> **Data**:
——————

(* Let $K$ be a field of characteristic zero, let $(p_\lambda(x_1,x_2,\ldots))_{\lambda\in\mathcal P}$ be a full sequence of symmetric functions over $K$, and let $F^{y}$ be a shift-invariant $K$-linear operator from symmetric functions in $x_1,x_2,\ldots$ to symmetric functions in $x_1,x_2,\ldots$ with coefficients polynomial in $y$, such that for every partition $\lambda$ $$F^{y}p_\lambda(x_1,x_2,\ldots)=\sum_{\alpha}p_\alpha(x_1,x_2,\ldots)\,p_{\lambda-\alpha}(y,0,0,\ldots),$$ the sum ranging over all integer vectors $\alpha$ with finite support. Then there is a nonzero constant $c\in K$ with $F^{y}=cE^{y}$; in other words, $(\frac1c p_\lambda)_{\lambda\in\mathcal P}$ is a full divided power sequence of symmetric functions.
   Context: A partition $\lambda$ is an eventually zero weakly decreasing sequence $\lambda_1\ge\lambda_2\ge\cdots$ of natural numbers; $\mathcal P$ is the set of partitions and $\mathcal P_n$ those with sum $|\lambda|=n$. The conjugate $\lambda'$ is given by $\lambda'_i=|\{j:\lambda_j\ge i\}|$. Reverse lexicographic order: $\alpha\ll\beta$ iff there is $i$ with $\alpha_i<\beta_i$ and $\alpha_j=\beta_j$ for all $j>i$. $m_\mu$ denotes the monomial symmetric function. A full sequence $(p_\lambda)_{\lambda\in\mathcal P}$ consists of symmetric functions with $p_\lambda$ homogeneous of degree $|\lambda|$ and $p_\lambda=\sum_{\mu\in\mathcal P_{|\lambda|},\ \mu=\lambda'\text{ or }\lambda'\ll\mu}b_{\lambda\mu}m_\mu$ with the coefficient $b_{\lambda\lambda'}$ of $m_{\lambda'}$ nonzero. For an integer vector $\alpha$ with finite support: if all $\alpha_i\ge0$, $p_\alpha:=p_\lambda$ where $\lambda$ is the partition obtained by sorting $\alpha$; if some $\alpha_i<0$, $p_\alpha:=0$. The symmetric shift is $E^{a}q(x_1,x_2,\ldots)=q(a,x_1,x_2,\ldots)$ (for a scalar $a$ or an indeterminate $y$). An operator $\theta$ is shift-invariant if $E^a\theta=\theta E^a$ for all $a\in K$. A full divided power sequence is a full sequence satisfying $E^yp_\lambda(x_1,x_2,\ldots)=\sum_\alpha p_\alpha(x_1,x_2,\ldots)p_{\lambda-\alpha}(y,0,0,\ldots)$ for all $\lambda$. *)

(* Symmetric functions over a field K in x1,x2,... are
   represented by their coefficient function on monomials: f s is the
   coefficient of x1^(s_1) x2^(s_2) ... (trailing zeros of s allowed). *)
From HB Require Import structures.
From mathcomp Require Import all_boot all_order all_algebra.
From Stdlib Require Import ClassicalEpsilon.
Set Implicit Arguments. Unset Strict Implicit. Unset Printing Implicit Defensive.
Import Order.TTheory GRing.Theory.
Local Open Scope ring_scope.

Definition is_part (l : seq nat) : bool := sorted geq l && all (fun i => 0 < i)%N l.

Definition shape (s : seq nat) : seq nat := sort geq [seq i <- s | (0 < i)%N].

Definition conj_part (l : seq nat) : seq nat :=
  [seq count (fun j => i <= j)%N l | i <- iota 1 (head 0%N l)].

Definition revlex (a b : seq nat) : Prop :=
  exists i, (nth 0 a i < nth 0 b i)%N /\
            forall j, (i < j)%N -> nth 0 a j = nth 0 b j.

Fixpoint vecs_le (l : seq nat) : seq (seq nat) :=
  match l with
  | [::] => [:: [::]]
  | x :: l' => [seq i :: a | i <- iota 0 x.+1, a <- vecs_le l']
  end.

Definition vsub (l a : seq nat) : seq nat := [seq x.1 - x.2 | x <- zip l a]%N.

Section SymFun.
Variable K : fieldType.

Definition fsum (u : nat -> K) : K :=
  let N := epsilon (inhabits 0%N) (fun N => forall n, (N <= n)%N -> u n = 0) in
  \sum_(n < N) u n.

Definition is_sym (f : seq nat -> K) : Prop :=
  (forall s, f (rcons s 0%N) = f s) /\ (forall s t, perm_eq s t -> f s = f t).

Definition symfun (f : seq nat -> K) : Prop :=
  is_sym f /\ exists D, forall s, (D < sumn s)%N -> f s = 0.

(* symmetric functions in x with coefficients polynomial in y:
   g k s = coefficient of y^k x^s *)
Definition symfunY (g : nat -> seq nat -> K) : Prop :=
  (forall k, symfun (g k)) /\ exists N, forall k s, (N < k)%N -> g k s = 0.

(* symmetric shift by an indeterminate y : q(y,x1,x2,...) *)
Definition Ey (f : seq nat -> K) : nat -> seq nat -> K := fun k s => f (k :: s).

(* symmetric shift by a scalar a : q(a,x1,x2,...) *)
Definition Ea (a : K) (f : seq nat -> K) : seq nat -> K :=
  fun s => fsum (fun j => a ^+ j * f (j :: s)).

Definition EaY (a : K) (g : nat -> seq nat -> K) : nat -> seq nat -> K :=
  fun k => Ea a (g k).

Definition full_seq (p : seq nat -> seq nat -> K) : Prop :=
  forall l, is_part l ->
    [/\ symfun (p l),
        (forall s, p l s != 0 -> sumn s = sumn l),
        (forall mu, is_part mu -> p l mu != 0 ->
            mu = conj_part l \/ revlex (conj_part l) mu)
      & p l (conj_part l) != 0].

(* right-hand side  sum_alpha p_alpha(x) p_{lambda-alpha}(y,0,0,...) :
   coefficient of y^k x^s.  Terms with some alpha_i < 0 or
   some (lambda - alpha)_i < 0 vanish, so alpha ranges over vecs_le l. *)
Definition dp_rhs (p : seq nat -> seq nat -> K) (l : seq nat) : nat -> seq nat -> K :=
  fun k s => \sum_(a <- vecs_le l) p (shape a) s * p (shape (vsub l a)) [:: k].

Definition full_dps (p : seq nat -> seq nat -> K) : Prop :=
  full_seq p /\ forall l, is_part l -> forall k s, Ey (p l) k s = dp_rhs p l k s.

End SymFun.

(* Let c be the constant term of p_() (nonzero, as the leading coefficient of p_()).  At x = 0
   the only alpha contributing to the hypothesis is alpha = 0, because p_alpha is homogeneous of
   degree |alpha|; hence F p_l and c E^y p_l agree at x = 0.  The p_l are triangular for the
   reverse lexicographic order on the monomial basis, so they span the symmetric functions, and
   F f = c E^y f at x = 0 for every f by linearity.  Shift invariance E^a F f = F E^a f is a
   polynomial identity in a, and since K is infinite its coefficient of a^j expresses the
   coefficient of x1^j x' in F f through coefficients of shorter monomials; induction on the
   number of variables gives F = c E^y.  Dividing the hypothesis by c^2 then shows that p/c is a
   full divided power sequence. *)

From Pilot Require Import Defs.
From HB Require Import structures.
From mathcomp Require Import all_boot all_order all_algebra.
From Stdlib Require Import Classical ClassicalEpsilon FunctionalExtensionality.
Import Order.TTheory GRing.Theory.
Set Implicit Arguments. Unset Strict Implicit. Unset Printing Implicit Defensive.

Lemma sorted_geq_cons x t : sorted geq (x :: t) -> all (geq x) t.
Proof. exact: order_path_min (rev_trans leq_trans). Qed.

Lemma sorted_geq_nth x t k : sorted geq (x :: t) -> nth 0 (x :: t) k <= x.
Proof.
move=> /sorted_geq_cons /allP le_x; case: k => [|k] //=.
by case: (ltnP k (size t)) => [/(mem_nth 0)/le_x | /(nth_default 0)->].
Qed.

Lemma is_part_cons x t : is_part (x :: t) -> [/\ 0 < x, is_part t & all (geq x) t].
Proof.
case/andP=> sorted_xt /= /andP[x_gt0 t_pos]; split => //.
  by rewrite /is_part t_pos (path_sorted sorted_xt).
exact: sorted_geq_cons.
Qed.

Lemma ltn_count_geq_sorted mu i k : sorted geq mu ->
  (k < count (leq i) mu) = (k < size mu) && (i <= nth 0 mu k).
Proof.
elim: mu k => [|x t IH] k //= sorted_xt.
have sorted_t := path_sorted sorted_xt.
case: (leqP i x) => [le_ix | lt_xi]; first by case: k => [|k] //=; rewrite add1n ltnS IH.
have -> : count (leq i) t = 0.
  apply/eqP; rewrite -leqn0 leqNgt -has_count; apply/hasPn => y yt.
  by rewrite -ltnNge (leq_ltn_trans (allP (sorted_geq_cons sorted_xt) y yt)).
case: k => [|k] /=; first by rewrite [i <= x]leqNgt lt_xi.
rewrite ltnS; case: (ltnP k (size t)) => //= lt_kt.
have le_x := allP (sorted_geq_cons sorted_xt) _ (mem_nth 0 lt_kt).
by rewrite [i <= _]leqNgt (leq_ltn_trans le_x).
Qed.

Lemma count_geq_iota1 m x : m <= x -> count (geq m) (iota 1 x) = m.
Proof.
move=> le_mx; rewrite -(subnKC le_mx) iotaD count_cat.
rewrite (@eq_in_count _ _ predT) ?count_predT ?size_iota; last first.
  by move=> i; rewrite mem_iota add1n ltnS => /andP[].
rewrite (@eq_in_count _ _ pred0) ?count_pred0 ?addn0 // => i.
by rewrite mem_iota add1n => /andP[lt_mi _]; apply/negbTE; rewrite -ltnNge.
Qed.

Lemma is_part_conj mu : is_part mu -> is_part (conj_part mu).
Proof.
case: mu => [|x t] // _; apply/andP; split.
  apply: homo_sorted (iota_sorted _ _) => i j le_ij.
  by apply: sub_count => y; apply: leq_trans.
rewrite all_map; apply/allP => i; rewrite mem_iota add1n ltnS => /andP[_ le_ix] /=.
by rewrite le_ix.
Qed.

Lemma conj_partK mu : is_part mu -> conj_part (conj_part mu) = mu.
Proof.
case: mu => [|x t] // part_mu; have /andP[sorted_mu _] := part_mu.
have [x_gt0 /andP[_ t_pos] _] := is_part_cons part_mu.
have count_t : count (leq 1) t = size t by apply/eqP; rewrite -all_count.
have head_conj : head 0 (conj_part (x :: t)) = size (x :: t).
  by rewrite /conj_part -(prednK x_gt0) /= add1n count_t.
have size_conj2 : size (conj_part (conj_part (x :: t))) = size (x :: t).
  by rewrite {1}/conj_part head_conj size_map size_iota.
apply: (@eq_from_nth _ 0) => // k; rewrite size_conj2 => lt_k.
rewrite {1}/conj_part head_conj (nth_map 0) ?size_iota // nth_iota // add1n count_map.
rewrite (@eq_count _ _ (geq (nth 0 (x :: t) k))) => [|i].
  by rewrite count_geq_iota1 // sorted_geq_nth.
by have := ltn_count_geq_sorted i k sorted_mu; rewrite lt_k /= => <-.
Qed.

Lemma is_part_shape s : is_part (Defs.shape s).
Proof. by rewrite /is_part sort_sorted ?all_sort ?filter_all //; apply: geq_total. Qed.

Lemma sumn_shape s : sumn (Defs.shape s) = sumn s.
Proof.
rewrite /Defs.shape (perm_sumn (permEl (perm_sort _ _))).
by elim: s => //= -[|x] s IH //=; rewrite IH.
Qed.

Lemma shape_part l : is_part l -> Defs.shape l = l.
Proof.
case/andP=> sorted_l l_pos; rewrite /Defs.shape (all_filterP l_pos).
exact: sorted_sort (rev_trans leq_trans) _ sorted_l.
Qed.

Lemma shape_nseq0 n : Defs.shape (nseq n 0) = [::].
Proof. by apply/nilP; rewrite /nilp size_sort filter_nseq. Qed.

Lemma is_sym_shape (K : fieldType) (f : seq nat -> K) s :
  Defs.is_sym f -> f s = f (Defs.shape s).
Proof.
case=> f_rcons0 f_perm.
have f_cat0 n t : f (t ++ nseq n 0) = f t.
  by elim: n t => [|n IH] t; rewrite ?cats0 // -cat_rcons IH f_rcons0.
set zeros := [seq i <- s | ~~ (0 < i)].
have zerosE : nseq (size zeros) 0 = zeros.
  by apply/esym/all_pred1P/allP => i; rewrite mem_filter -eqn0Ngt => /andP[].
rewrite -(f_cat0 (size zeros) (Defs.shape s)) zerosE; apply: f_perm.
rewrite perm_sym; apply: (@perm_trans _ ([seq i <- s | 0 < i] ++ zeros)).
  by rewrite perm_cat2r perm_sort.
exact: permEl (perm_filterC _ s).
Qed.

——————

> **Exercise goal**: The lines you need run from the one containing "rewrite perm_sym; apply: (@perm_trans" to the end of the listing. Output exactly those, both ends included.

> **Response below**:
rewrite perm_sym; apply: (@perm_trans _ ([seq i <- s | 0 < i] ++ zeros)).
  by rewrite perm_cat2r perm_sort.
exact: permEl (perm_filterC _ s).
Qed.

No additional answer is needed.